## WHAT IS BEING ASKED
Your whole reply should be the lines from the one that contains "pose F := fixed_quot_pts j z." through the last line of the listing, copied exactly.

## PROVIDED INFORMATION

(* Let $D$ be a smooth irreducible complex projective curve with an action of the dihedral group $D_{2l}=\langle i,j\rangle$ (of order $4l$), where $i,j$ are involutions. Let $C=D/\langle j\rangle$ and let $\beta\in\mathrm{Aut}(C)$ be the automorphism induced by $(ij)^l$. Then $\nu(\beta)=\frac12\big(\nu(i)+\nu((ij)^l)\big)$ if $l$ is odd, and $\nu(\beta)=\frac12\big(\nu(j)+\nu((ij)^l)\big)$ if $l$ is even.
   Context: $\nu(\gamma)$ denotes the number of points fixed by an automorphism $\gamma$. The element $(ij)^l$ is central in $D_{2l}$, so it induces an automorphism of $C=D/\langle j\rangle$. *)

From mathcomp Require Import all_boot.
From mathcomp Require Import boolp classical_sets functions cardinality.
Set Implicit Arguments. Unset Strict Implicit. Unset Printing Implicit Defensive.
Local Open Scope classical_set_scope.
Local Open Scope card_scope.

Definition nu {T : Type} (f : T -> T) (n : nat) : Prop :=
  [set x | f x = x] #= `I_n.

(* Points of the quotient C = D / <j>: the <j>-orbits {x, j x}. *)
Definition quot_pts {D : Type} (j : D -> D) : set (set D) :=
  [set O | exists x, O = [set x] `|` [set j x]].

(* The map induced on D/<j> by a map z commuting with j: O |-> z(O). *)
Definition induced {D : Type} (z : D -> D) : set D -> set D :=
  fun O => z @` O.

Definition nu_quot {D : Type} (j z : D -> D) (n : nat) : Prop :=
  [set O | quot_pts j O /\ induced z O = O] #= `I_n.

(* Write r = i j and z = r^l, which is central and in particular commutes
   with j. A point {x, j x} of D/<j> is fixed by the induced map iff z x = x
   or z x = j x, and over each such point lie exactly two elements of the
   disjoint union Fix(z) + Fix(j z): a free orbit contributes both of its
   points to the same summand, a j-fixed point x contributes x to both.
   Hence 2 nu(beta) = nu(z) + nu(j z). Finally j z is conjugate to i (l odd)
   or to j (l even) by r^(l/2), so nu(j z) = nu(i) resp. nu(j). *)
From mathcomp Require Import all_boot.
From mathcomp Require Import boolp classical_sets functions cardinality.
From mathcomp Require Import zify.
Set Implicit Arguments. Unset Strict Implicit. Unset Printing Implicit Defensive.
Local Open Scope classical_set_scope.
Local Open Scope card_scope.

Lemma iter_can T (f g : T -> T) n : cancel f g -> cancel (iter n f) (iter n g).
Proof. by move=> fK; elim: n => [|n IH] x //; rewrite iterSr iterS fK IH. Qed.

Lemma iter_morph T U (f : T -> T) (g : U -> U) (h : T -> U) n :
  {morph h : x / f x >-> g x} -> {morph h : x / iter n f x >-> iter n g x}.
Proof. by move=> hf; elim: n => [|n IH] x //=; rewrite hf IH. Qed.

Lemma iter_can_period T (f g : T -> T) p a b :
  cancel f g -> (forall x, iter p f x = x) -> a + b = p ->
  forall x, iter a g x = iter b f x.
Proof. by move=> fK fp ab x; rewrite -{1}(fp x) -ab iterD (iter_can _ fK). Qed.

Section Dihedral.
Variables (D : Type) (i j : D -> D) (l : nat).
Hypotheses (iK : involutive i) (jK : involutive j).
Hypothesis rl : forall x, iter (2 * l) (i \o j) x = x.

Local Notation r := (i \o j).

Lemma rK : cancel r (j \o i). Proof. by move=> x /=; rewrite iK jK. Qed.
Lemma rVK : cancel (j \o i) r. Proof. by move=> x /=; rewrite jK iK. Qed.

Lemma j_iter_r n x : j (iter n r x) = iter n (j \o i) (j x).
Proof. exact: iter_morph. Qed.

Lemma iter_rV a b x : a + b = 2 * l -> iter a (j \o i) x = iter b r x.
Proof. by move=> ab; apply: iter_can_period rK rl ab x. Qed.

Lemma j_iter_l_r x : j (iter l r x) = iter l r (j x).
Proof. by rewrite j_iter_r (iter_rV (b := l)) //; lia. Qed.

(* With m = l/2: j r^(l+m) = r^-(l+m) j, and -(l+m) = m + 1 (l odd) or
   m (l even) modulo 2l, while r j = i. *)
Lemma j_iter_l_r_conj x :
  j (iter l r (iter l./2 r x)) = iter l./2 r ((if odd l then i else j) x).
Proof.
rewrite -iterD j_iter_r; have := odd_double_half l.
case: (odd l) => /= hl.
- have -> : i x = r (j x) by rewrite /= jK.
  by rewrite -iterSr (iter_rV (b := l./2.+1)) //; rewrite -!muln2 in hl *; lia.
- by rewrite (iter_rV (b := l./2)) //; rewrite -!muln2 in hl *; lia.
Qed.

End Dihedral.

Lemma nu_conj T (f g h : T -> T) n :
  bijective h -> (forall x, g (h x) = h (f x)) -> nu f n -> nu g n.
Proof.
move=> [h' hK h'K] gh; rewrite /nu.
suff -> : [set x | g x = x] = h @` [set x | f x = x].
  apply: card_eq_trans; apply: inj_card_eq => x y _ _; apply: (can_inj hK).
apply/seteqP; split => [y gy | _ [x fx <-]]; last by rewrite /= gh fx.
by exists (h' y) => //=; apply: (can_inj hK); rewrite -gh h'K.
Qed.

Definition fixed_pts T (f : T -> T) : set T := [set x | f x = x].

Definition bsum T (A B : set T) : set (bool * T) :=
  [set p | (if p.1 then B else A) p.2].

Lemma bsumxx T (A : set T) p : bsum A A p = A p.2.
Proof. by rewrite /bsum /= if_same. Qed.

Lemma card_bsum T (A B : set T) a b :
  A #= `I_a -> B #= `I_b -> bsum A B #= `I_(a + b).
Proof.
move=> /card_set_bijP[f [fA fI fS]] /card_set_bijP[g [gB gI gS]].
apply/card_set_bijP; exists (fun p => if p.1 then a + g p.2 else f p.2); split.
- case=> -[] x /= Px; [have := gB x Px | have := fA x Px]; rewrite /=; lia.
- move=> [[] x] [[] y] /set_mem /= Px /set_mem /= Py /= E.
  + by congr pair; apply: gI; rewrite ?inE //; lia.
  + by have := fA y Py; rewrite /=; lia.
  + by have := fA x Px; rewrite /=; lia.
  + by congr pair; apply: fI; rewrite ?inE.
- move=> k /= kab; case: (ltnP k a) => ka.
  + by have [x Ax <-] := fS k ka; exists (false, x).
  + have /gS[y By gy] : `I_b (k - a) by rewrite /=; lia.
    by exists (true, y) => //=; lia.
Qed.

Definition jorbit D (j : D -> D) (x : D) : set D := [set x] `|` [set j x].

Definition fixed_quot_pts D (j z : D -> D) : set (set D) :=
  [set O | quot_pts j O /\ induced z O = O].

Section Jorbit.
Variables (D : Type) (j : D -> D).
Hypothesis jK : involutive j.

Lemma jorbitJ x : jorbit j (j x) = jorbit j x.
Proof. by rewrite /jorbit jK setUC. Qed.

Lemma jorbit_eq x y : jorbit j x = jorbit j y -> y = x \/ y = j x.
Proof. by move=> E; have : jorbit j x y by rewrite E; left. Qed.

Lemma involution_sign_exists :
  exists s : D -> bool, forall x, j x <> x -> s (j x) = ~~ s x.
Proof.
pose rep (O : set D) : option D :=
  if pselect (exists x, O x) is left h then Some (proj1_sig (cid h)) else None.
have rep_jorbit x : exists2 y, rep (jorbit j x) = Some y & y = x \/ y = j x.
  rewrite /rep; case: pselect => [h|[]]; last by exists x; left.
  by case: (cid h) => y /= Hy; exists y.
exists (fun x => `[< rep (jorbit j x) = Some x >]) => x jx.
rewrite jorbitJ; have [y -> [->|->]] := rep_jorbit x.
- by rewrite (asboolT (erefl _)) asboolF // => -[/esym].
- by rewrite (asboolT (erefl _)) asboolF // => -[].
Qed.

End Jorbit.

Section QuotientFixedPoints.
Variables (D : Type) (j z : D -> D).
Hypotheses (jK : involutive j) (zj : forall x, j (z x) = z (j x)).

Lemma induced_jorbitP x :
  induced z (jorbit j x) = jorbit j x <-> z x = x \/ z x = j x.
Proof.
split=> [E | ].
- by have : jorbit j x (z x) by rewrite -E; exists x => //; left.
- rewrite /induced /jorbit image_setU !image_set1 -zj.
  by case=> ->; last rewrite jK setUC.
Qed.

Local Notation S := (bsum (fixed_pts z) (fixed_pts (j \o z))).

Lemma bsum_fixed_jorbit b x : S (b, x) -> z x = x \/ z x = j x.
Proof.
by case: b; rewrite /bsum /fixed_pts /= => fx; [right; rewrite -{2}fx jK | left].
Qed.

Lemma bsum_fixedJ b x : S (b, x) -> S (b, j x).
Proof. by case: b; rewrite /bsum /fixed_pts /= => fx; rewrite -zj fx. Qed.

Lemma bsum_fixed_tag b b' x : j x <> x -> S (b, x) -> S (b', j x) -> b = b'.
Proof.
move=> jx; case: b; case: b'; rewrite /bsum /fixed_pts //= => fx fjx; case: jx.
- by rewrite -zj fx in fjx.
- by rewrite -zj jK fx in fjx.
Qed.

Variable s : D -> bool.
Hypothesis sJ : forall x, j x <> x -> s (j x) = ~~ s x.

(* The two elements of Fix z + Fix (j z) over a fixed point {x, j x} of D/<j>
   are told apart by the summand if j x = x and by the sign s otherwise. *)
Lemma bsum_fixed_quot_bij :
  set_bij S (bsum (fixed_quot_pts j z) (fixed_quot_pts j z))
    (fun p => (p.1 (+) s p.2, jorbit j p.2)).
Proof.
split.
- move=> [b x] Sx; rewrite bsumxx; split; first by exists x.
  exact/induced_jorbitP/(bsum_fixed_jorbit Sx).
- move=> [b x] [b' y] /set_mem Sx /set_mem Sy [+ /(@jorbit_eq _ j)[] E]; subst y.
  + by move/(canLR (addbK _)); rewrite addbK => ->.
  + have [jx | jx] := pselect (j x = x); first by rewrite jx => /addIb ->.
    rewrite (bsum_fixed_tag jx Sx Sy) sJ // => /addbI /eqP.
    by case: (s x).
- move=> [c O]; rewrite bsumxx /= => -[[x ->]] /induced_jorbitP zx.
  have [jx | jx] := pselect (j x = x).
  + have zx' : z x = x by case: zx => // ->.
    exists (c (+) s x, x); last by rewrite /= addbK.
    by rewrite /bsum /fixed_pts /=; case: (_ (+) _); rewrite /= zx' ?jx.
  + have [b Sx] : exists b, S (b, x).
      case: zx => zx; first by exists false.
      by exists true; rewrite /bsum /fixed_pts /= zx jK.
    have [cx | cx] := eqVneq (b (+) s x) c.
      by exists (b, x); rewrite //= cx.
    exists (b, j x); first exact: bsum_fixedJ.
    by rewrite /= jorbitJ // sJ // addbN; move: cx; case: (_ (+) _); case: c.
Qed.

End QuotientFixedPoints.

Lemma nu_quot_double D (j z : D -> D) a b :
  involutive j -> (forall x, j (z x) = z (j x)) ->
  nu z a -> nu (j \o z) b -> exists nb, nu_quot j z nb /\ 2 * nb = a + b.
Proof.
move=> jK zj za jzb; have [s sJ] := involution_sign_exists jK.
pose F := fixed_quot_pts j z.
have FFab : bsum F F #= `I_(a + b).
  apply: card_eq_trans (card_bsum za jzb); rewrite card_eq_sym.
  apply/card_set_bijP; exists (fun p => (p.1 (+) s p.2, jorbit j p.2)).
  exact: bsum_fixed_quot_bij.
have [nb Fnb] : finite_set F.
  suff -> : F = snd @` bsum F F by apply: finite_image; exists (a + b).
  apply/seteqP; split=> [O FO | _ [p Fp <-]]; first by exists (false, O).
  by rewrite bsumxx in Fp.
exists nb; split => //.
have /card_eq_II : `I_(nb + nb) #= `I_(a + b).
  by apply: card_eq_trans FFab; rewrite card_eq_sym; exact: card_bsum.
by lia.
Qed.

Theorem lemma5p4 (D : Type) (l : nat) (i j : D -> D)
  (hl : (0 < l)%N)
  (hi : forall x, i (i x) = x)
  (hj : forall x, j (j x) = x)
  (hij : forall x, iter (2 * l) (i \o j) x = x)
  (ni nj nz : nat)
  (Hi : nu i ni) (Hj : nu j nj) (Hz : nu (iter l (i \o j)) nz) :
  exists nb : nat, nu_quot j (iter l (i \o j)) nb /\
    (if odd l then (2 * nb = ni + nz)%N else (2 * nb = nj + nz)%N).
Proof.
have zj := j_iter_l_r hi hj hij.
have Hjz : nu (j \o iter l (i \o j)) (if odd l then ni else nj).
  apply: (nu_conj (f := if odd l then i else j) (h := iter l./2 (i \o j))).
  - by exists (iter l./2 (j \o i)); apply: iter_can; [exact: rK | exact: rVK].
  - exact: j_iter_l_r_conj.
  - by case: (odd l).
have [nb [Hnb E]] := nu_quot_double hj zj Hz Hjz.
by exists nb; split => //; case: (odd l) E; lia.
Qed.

## WRITTEN RESPONSE
pose F := fixed_quot_pts j z.
have FFab : bsum F F #= `I_(a + b).
  apply: card_eq_trans (card_bsum za jzb); rewrite card_eq_sym.
  apply/card_set_bijP; exists (fun p => (p.1 (+) s p.2, jorbit j p.2)).
  exact: bsum_fixed_quot_bij.
have [nb Fnb] : finite_set F.
  suff -> : F = snd @` bsum F F by apply: finite_image; exists (a + b).
  apply/seteqP; split=> [O FO | _ [p Fp <-]]; first by exists (false, O).
  by rewrite bsumxx in Fp.
exists nb; split => //.
have /card_eq_II : `I_(nb + nb) #= `I_(a + b).
  by apply: card_eq_trans FFab; rewrite card_eq_sym; exact: card_bsum.
by lia.
Qed.

Theorem lemma5p4 (D : Type) (l : nat) (i j : D -> D)
  (hl : (0 < l)%N)
  (hi : forall x, i (i x) = x)
  (hj : forall x, j (j x) = x)
  (hij : forall x, iter (2 * l) (i \o j) x = x)
  (ni nj nz : nat)
  (Hi : nu i ni) (Hj : nu j nj) (Hz : nu (iter l (i \o j)) nz) :
  exists nb : nat, nu_quot j (iter l (i \o j)) nb /\
    (if odd l then (2 * nb = ni + nz)%N else (2 * nb = nj + nz)%N).
Proof.
have zj := j_iter_l_r hi hj hij.
have Hjz : nu (j \o iter l (i \o j)) (if odd l then ni else nj).
  apply: (nu_conj (f := if odd l then i else j) (h := iter l./2 (i \o j))).
  - by exists (iter l./2 (j \o i)); apply: iter_can; [exact: rK | exact: rVK].
  - exact: j_iter_l_r_conj.
  - by case: (odd l).
have [nb [Hnb E]] := nu_quot_double hj zj Hz Hjz.
by exists nb; split => //; case: (odd l) E; lia.
Qed.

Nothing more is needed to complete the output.